At the Beginning….
The Tregaron Conservancy began work in 2006 after the landscape had suffered from more than 50 years of neglect:
- The entire landscape had been overtaken by invasive and damaging vines, shrubs and weeds.
- Many trees had died and fallen throughout the property, blocking all of the trails.
- The lily pond was completely filled with sludge and debris.
- The Macomb Stream was not flowing clearly and the Klingle Stream was clogged and backed up.
- Decades-old rhododendrons no longer flowered due to lack of sunlight.
- Stone stairways, bridges and walls were damaged and covered with dirt, silt and vines.
The woodland looked more like a jungle and the water features were eyesores. The meadows had been overtaken by encroaching invasive plants. The paths were largely unusable. The iconic 250 year-old Twin Oak tree was dead and dangerous.
With the goal of rehabilitating the land to the original Platt/Shipman design, as well as restoring its plant community and animal habitat, the Conservancy got to work: clearing invasive growth, removing dead trees, restoring paths, clearing stream beds, uncovering stone stairs and bridges, and reconstructing the lily pond. In performing all of its landscape work, the Conservancy is guided by Tregaron’s Cultural Landscape Report and consults with the District of Columbia Historic Preservation Office and other landscape design and preservation experts and partners.
The Conservancy’s First Decade, 2006-2016
Assessing the Task at Hand and Clearing Trees: Beginning in 2006, the Conservancy engaged landscape architects and designers to develop plans and oversee the initial rehabilitation of the historic landscape. Guided by experienced arborists, the Conservancy hired The Care of Trees (TCOT) to remove dozens of large fallen trees, take out invasive smaller trees and clear the land of the poison ivy.

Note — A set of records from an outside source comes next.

(* Let $T:\mathcal P(\mathbb R^n)\to\mathcal P(\mathbb R^n)$ be given by $TA=\{y\in\mathbb R^n:\ \langle x,y\rangle\ge 1\ \forall x\in A\}$. Then the class $\mathcal C=\{TK:K\subseteq\mathbb R^n\}$ consists exactly of $\mathbb R^n$ together with all closed convex sets $K\subseteq\mathbb R^n$ such that $0\notin K$ and $\lambda K\subseteq K$ for all $\lambda\ge 1$.
   Context: $\mathcal P(\mathbb R^n)$ is the power set of $\mathbb R^n$ and $\langle\cdot,\cdot\rangle$ the standard inner product. *)

From HB Require Import structures.
From mathcomp Require Import all_boot all_order all_algebra.
From mathcomp Require Import all_classical all_reals all_analysis.
Set Implicit Arguments. Unset Strict Implicit. Unset Printing Implicit Defensive.
Import Order.TTheory GRing.Theory Num.Theory.
Import numFieldNormedType.Exports.
Local Open Scope classical_set_scope.
Local Open Scope ring_scope.

Definition inner (R : realType) (n : nat) (x y : 'rV[R]_n) : R :=
  \sum_(i < n) x 0 i * y 0 i.

Definition polarT (R : realType) (n : nat) (A : set 'rV[R]_n) : set 'rV[R]_n :=
  [set y | forall x, A x -> 1 <= inner x y].

From HB Require Import structures.
From mathcomp Require Import all_boot all_order all_algebra.
From mathcomp Require Import all_classical all_reals all_analysis.
From mathcomp Require Import ring lra.
Import Order.TTheory GRing.Theory Num.Theory.
Import numFieldNormedType.Exports.
Local Open Scope classical_set_scope.
Local Open Scope ring_scope.
Set Implicit Arguments. Unset Strict Implicit.

(* A polar set T K is the intersection of the closed half-spaces
   {y | <x, y> >= 1}, x in K; hence it is closed, convex and stable under
   dilations by l >= 1, and it misses 0 unless K is empty, when T K = R^n.
   Conversely such a set C equals T (T C).  A point y outside C is strictly
   separated from C by the hyperplane through its nearest point p in C, whose
   level <p, p - y> is nonnegative because 2p lies in C.  Separating 0 from C
   in the same way yields a functional with a positive level on C; adding a
   small multiple of it makes the level of the first one positive while y stays
   strictly separated, so the sum can be normalised to level 1, giving x in
   T C with <y, x> < 1. *)

Section InnerProduct.
Variables (R : realType) (n : nat).
Implicit Types x y z : 'rV[R]_n.

Lemma innerC x y : inner x y = inner y x.
Proof. by apply: eq_bigr => i _; rewrite mulrC. Qed.

Lemma innerDr x y z : inner x (y + z) = inner x y + inner x z.
Proof. by rewrite /inner -big_split; apply: eq_bigr => i _; rewrite mxE mulrDr. Qed.

Lemma innerZr x a y : inner x (a *: y) = a * inner x y.
Proof. by rewrite /inner mulr_sumr; apply: eq_bigr => i _; rewrite mxE mulrCA. Qed.

Lemma innerNr x y : inner x (- y) = - inner x y.
Proof. by rewrite /inner -sumrN; apply: eq_bigr => i _; rewrite mxE mulrN. Qed.

Lemma innerDl x y z : inner (x + y) z = inner x z + inner y z.
Proof. by rewrite innerC innerDr !(innerC z). Qed.

Lemma innerZl a x y : inner (a *: x) y = a * inner x y.
Proof. by rewrite innerC innerZr innerC. Qed.

Lemma innerBl x y z : inner (x - y) z = inner x z - inner y z.
Proof. by rewrite innerC innerDr innerNr !(innerC z). Qed.

Lemma inner0l x : inner 0 x = 0.
Proof. by rewrite /inner big1 // => i _; rewrite mxE mul0r. Qed.

Lemma inner0r x : inner x 0 = 0.
Proof. by rewrite innerC inner0l. Qed.

Lemma inner_self_ge0 x : 0 <= inner x x.
Proof. by apply: sumr_ge0 => i _; rewrite -expr2 sqr_ge0. Qed.

Lemma coord_sqr_le_inner x i : x 0 i ^+ 2 <= inner x x.
Proof.
rewrite /inner (bigD1 i) //= expr2 lerDl.
by apply: sumr_ge0 => j _; rewrite -expr2 sqr_ge0.
Qed.

Lemma inner_self_gt0 x : x != 0 -> 0 < inner x x.
Proof.
apply: contraNT; rewrite -leNgt => x_le0; apply/eqP/rowP => i; rewrite mxE.
apply/eqP; rewrite -sqrf_eq0 eq_le sqr_ge0 andbT.
exact: le_trans (coord_sqr_le_inner x i) x_le0.
Qed.

Lemma inner_self_DZ x y t :
  inner (x + t *: y) (x + t *: y) = inner x x + t * (2 * inner y x + t * inner y y).
Proof. by rewrite innerDl !innerDr !innerZl !innerZr (innerC x y); ring. Qed.

Lemma continuous_inner (T : topologicalType) (f g : T -> 'rV[R]_n) :
  continuous f -> continuous g -> continuous (fun t => inner (f t) (g t)).
Proof.
move=> fc gc; rewrite /inner -fct_sumE.
apply: (big_ind (fun h : T -> R => continuous h)) => [t|h k hc kc t|i _ t].
- exact: cst_continuous.
- exact: (continuousD (hc t) (kc t)).
- have coord_comp (h : T -> 'rV[R]_n) : continuous h -> continuous (fun t => h t 0 i).
    move=> hc' s; apply: (@continuous_comp _ _ _ h (fun v : 'rV[R]_n => v 0 i)).
    + exact: hc'.
    + exact: coord_continuous.
  exact: continuousM (coord_comp f fc t) (coord_comp g gc t).
Qed.

End InnerProduct.

Lemma ge0_perturbation (R : realFieldType) (a b : R) : 0 <= b ->
  (forall t, 0 < t <= 1 -> 0 <= 2 * a + t * b) -> 0 <= a.
Proof.
move=> b_ge0 ab_ge0; rewrite leNgt; apply/negP => a_lt0.
have ba_gt0 : 0 < b - a by lra.
pose t := - a / (b - a).
have tba : t * (b - a) = - a by rewrite divfK ?gt_eqF.
have t_gt0 : 0 < t by rewrite divr_gt0 ?oppr_gt0.
have t_le1 : t <= 1 by rewrite -(ler_pM2r ba_gt0) mul1r tba; lra.
have := ab_ge0 t; rewrite t_gt0 t_le1 => /(_ isT).
have : t * a < 0 by rewrite pmulr_rlt0.
nra.
Qed.

Section NearestPoint.
Variables (R : realType) (n : nat) (C : set 'rV[R]_n).
Hypothesis closedC : closed C.

Lemma exists_nearest y c0 : C c0 ->
  exists2 p, C p & forall c, C c -> inner (p - y) (p - y) <= inner (c - y) (c - y).
Proof.
move=> Cc0; pose f c := inner (c - y) (c - y); pose r := f c0 + 1.
pose box := [set v : 'rV[R]_n | forall i, `[y 0 i - r, y 0 i + r]%classic (v 0 i)].
have box_compact : compact box.
  exact: (@rV_compact _ n (fun i => `[y 0 i - r, y 0 i + r]%classic)
    (fun i => @segment_compact _ _ _)).
have in_box c : f c <= f c0 -> box c.
  move=> fc i /=; rewrite in_itv /=.
  have := coord_sqr_le_inner (c - y) i; rewrite !mxE => c_y.
  have r_ge1 : 1 <= r by rewrite lerDr inner_self_ge0.
  have : (c 0 i - y 0 i) ^+ 2 < r ^+ 2.
    by apply: (le_lt_trans c_y); rewrite /r; move: fc; rewrite /f; nra.
  by rewrite !expr2 => sq_lt; apply/andP; split; nra.
have boxC_compact : compact (box `&` C) by exact: compact_closedI.
have boxC0 : (box `&` C) !=set0 by exists c0; split => //; exact: in_box.
have f_cont : {within box `&` C, continuous f}.
  have sub_y : continuous (fun c : 'rV[R]_n => c - y).
    move=> c; apply: (@continuousB _ _ _ id (fun=> y)).
    + exact: cvg_id.
    + exact: cst_continuous.
  exact/continuous_subspaceT/continuous_inner.
have [p /set_mem [_ Cp] p_min] := EVT_min_rV boxC0 boxC_compact f_cont.
exists p => // c Cc; have [fc|/ltW fc] := leP (f c) (f c0).
  by apply: p_min; apply/mem_set; split => //; exact: in_box.
by apply: le_trans fc; apply: p_min; apply/mem_set; split => //; exact: in_box.
Qed.

Hypothesis convexC : convex_set C.

Lemma exists_projection y c0 : C c0 ->
  exists2 p, C p & forall c, C c -> 0 <= inner (c - p) (p - y).
Proof.
move=> Cc0; have [p Cp p_min] := exists_nearest y Cc0.
exists p => // c Cc; apply: (ge0_perturbation (inner_self_ge0 (c - p))).
move=> t /andP[t_gt0 t_le1].
have Cct : C (p + t *: (c - p)).
  have := convexC (Itv01 (ltW t_gt0) t_le1) (mem_set Cc) (mem_set Cp); rewrite inE.
  by congr C; apply/rowP => j; rewrite !mxE /= /unstable.onem; ring.
have := p_min _ Cct.
have -> : p + t *: (c - p) - y = p - y + t *: (c - p) by rewrite addrAC.
by rewrite inner_self_DZ lerDl pmulr_rge0.
Qed.

End NearestPoint.

Lemma exists_separating_support (R : realType) (n : nat) (C : set 'rV[R]_n) y c0 :
  closed C -> convex_set C -> C c0 -> ~ C y ->
  exists a p, [/\ C p, forall c, C c -> inner p a <= inner c a & inner y a < inner p a].
Proof.
move=> closedC convexC Cc0 Cy.
have [p Cp p_proj] := exists_projection closedC convexC y Cc0.
exists (p - y), p; split => // [c /p_proj|]; first by rewrite innerBl subr_ge0.
have p_neq_y : p - y != 0 by rewrite subr_eq0; apply/eqP => py; apply: Cy; rewrite -py.
have := inner_self_gt0 p_neq_y; rewrite [in X in 0 < X]innerBl; lra.
Qed.

Lemma polarT_separation (R : realType) (n : nat) (C : set 'rV[R]_n)
    (y a q : 'rV[R]_n) (b g : R) :
  0 <= b -> 0 < g -> (forall c, C c -> b <= inner c a) ->
  (forall c, C c -> g <= inner c q) -> inner y a < b ->
  exists2 x, polarT C x & inner y x < 1.
Proof.
move=> b_ge0 g_gt0 Ca Cq ya_lt.
pose s := inner y q - g.
pose eps := (b - inner y a) / (`|s| + 1).
have s1_gt0 : 0 < `|s| + 1 by rewrite ltr_wpDl.
have eps_gt0 : 0 < eps by rewrite divr_gt0 // subr_gt0.
have eps_s : eps * s < b - inner y a.
  have : eps * (`|s| + 1) = b - inner y a by rewrite divfK ?gt_eqF.
  have : eps * s <= eps * `|s| by rewrite ler_pM2l // ler_norm.
  lra.
pose D := b + eps * g.
have D_gt0 : 0 < D by rewrite ltr_wpDl // mulr_gt0.
exists (D^-1 *: (a + eps *: q)) => [c Cc|].
  rewrite innerZr innerDr innerZr ler_pdivlMl // mulr1.
  have := Cq c Cc; rewrite -(ler_pM2l eps_gt0) /D; have := Ca c Cc; lra.
rewrite innerZr innerDr innerZr ltr_pdivrMl // mulr1.
move: eps_s; rewrite /D /s; lra.
Qed.

Section PolarT.
Variables (R : realType) (n : nat).
Implicit Types (K C : set 'rV[R]_n) (x y : 'rV[R]_n).

Lemma polarT_set0 : polarT (set0 : set 'rV[R]_n) = setT.
Proof. by apply/seteqP; split => // y _ x. Qed.

Lemma polarT_closed K : closed (polarT K).
Proof.
have -> : polarT K = \bigcap_(x in K) (inner x @^-1` [set r | 1 <= r]) by [].
apply: closed_bigI => x _; apply: closed_comp => [v _|]; last exact: closed_ge.
apply: (@continuous_inner R n _ (fun=> x) id) => w; [exact: cst_continuous | exact: cvg_id].
Qed.

Lemma polarT_convex K : convex_set (polarT K).
Proof.
move=> y z l; rewrite !inE => Ky Kz x Kx /=.
rewrite innerDr !innerZr; have := Ky x Kx; have := Kz x Kx.
have : 0 <= l%:num <= 1 by apply/andP; split.
rewrite /unstable.onem; nra.
Qed.

Lemma polarT_not0 K : K !=set0 -> ~ polarT K 0.
Proof. by case=> x Kx /(_ x Kx); rewrite inner0r ler10. Qed.

Lemma polarT_scale K l y : 1 <= l -> polarT K y -> polarT K (l *: y).
Proof. by move=> l_ge1 Ky x Kx; rewrite innerZr; have := Ky x Kx; nra. Qed.

Lemma sub_polarT_polarT C : C `<=` polarT (polarT C).
Proof. by move=> y Cy x Cx; rewrite innerC; apply: Cx. Qed.

Lemma polarT_polarT C : closed C -> convex_set C -> ~ C 0 ->
  (forall l y, 1 <= l -> C y -> C (l *: y)) -> polarT (polarT C) = C.
Proof.
move=> closedC convexC C0 C_scale.
apply/seteqP; split; last exact: sub_polarT_polarT.
move=> y TTCy; apply: contrapT => Cy.
have [[c0 Cc0]|C_empty] := pselect (C !=set0); last first.
  have : 1 <= inner 0 y by apply: TTCy => x Cx; case: C_empty; exists x.
  by rewrite inner0l ler10.
have [a [p [Cp pa_min ya_lt]]] := exists_separating_support closedC convexC Cc0 Cy.
have [q [p0 [_ p0q_min p0q_gt0]]] := exists_separating_support closedC convexC Cc0 C0.
have pa_ge0 : 0 <= inner p a.
  by have := pa_min _ (C_scale 2 p (ler1n _ 2) Cp); rewrite innerZl; lra.
rewrite inner0l in p0q_gt0.
have [x TCx yx_lt1] := polarT_separation pa_ge0 p0q_gt0 pa_min p0q_min ya_lt.
by have := TTCy x TCx; rewrite innerC; lra.
Qed.

End PolarT.

Theorem lemma5p1 (R : realType) (n : nat) (C : set 'rV[R]_n) :
  (exists K : set 'rV[R]_n, C = polarT K) <->
  (C = setT \/
   (closed C /\ convex_set C /\ ~ C 0 /\
    (forall (l : R) (x : 'rV[R]_n), 1 <= l -> C x -> C (l *: x)))).
Proof.
split=> [[K ->]|[->|[closedC [convexC [C0 C_scale]]]]].
- have [->|/set0P K0] := eqVneq K set0; first by left; exact: polarT_set0.
  right; split; [exact: polarT_closed | split; [exact: polarT_convex | split]].
  + exact: polarT_not0.
  + by move=> l x; exact: polarT_scale.
- by exists set0; rewrite polarT_set0.
- by exists (polarT C); rewrite polarT_polarT.
Qed.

Restoring Trails and Streams, Enhancing Our Plant Community: The Conservancy next began to re-establish the extensive system of Platt/Shipman-era trails and footpaths that wind through the Estate. Once the initial obstacles were removed and the paths were reopened, we invited the community to help on volunteer clean-up days. Neighbors and friends from across the city (and beyond) turned out to help us begin to reverse the damage that decades of neglect had caused. We removed hanging branches and invasives along the trails and fields. We unclogged both of our streams; they are now healthy and flowing correctly.
Excavating and Restoring Historic Features: In addition to removing hazardous trees and assessing tree health, TCOT performed major excavation work to help us uncover original stone bridges, stairs, walls and other features dating back to 1912-1915. The Conservancy discovered an original stone staircase and marble patio (photo on left) that were then removed, due to construction of the School’s new soccer field, and relocated to a site above the lily pond. Our work was guided by an archeologist from DC’s Historic Planning Office and Shipman’s original plans.
Planting Trees, Assessing Tree Health:
Next, with guidance from TCOT and in partnership with Casey Trees, skilled volunteers planted over 100 trees in the Klingle stream valley around the lily pond and throughout the woodlands. TCOT mapped all of our major trees; you will see small markers on many of them. We have held many tree planting events over the years, restoring both the canopy and understory with native trees. To date, thanks in large part to Casey Trees volunteers and tree donations, we have planted over 200 trees.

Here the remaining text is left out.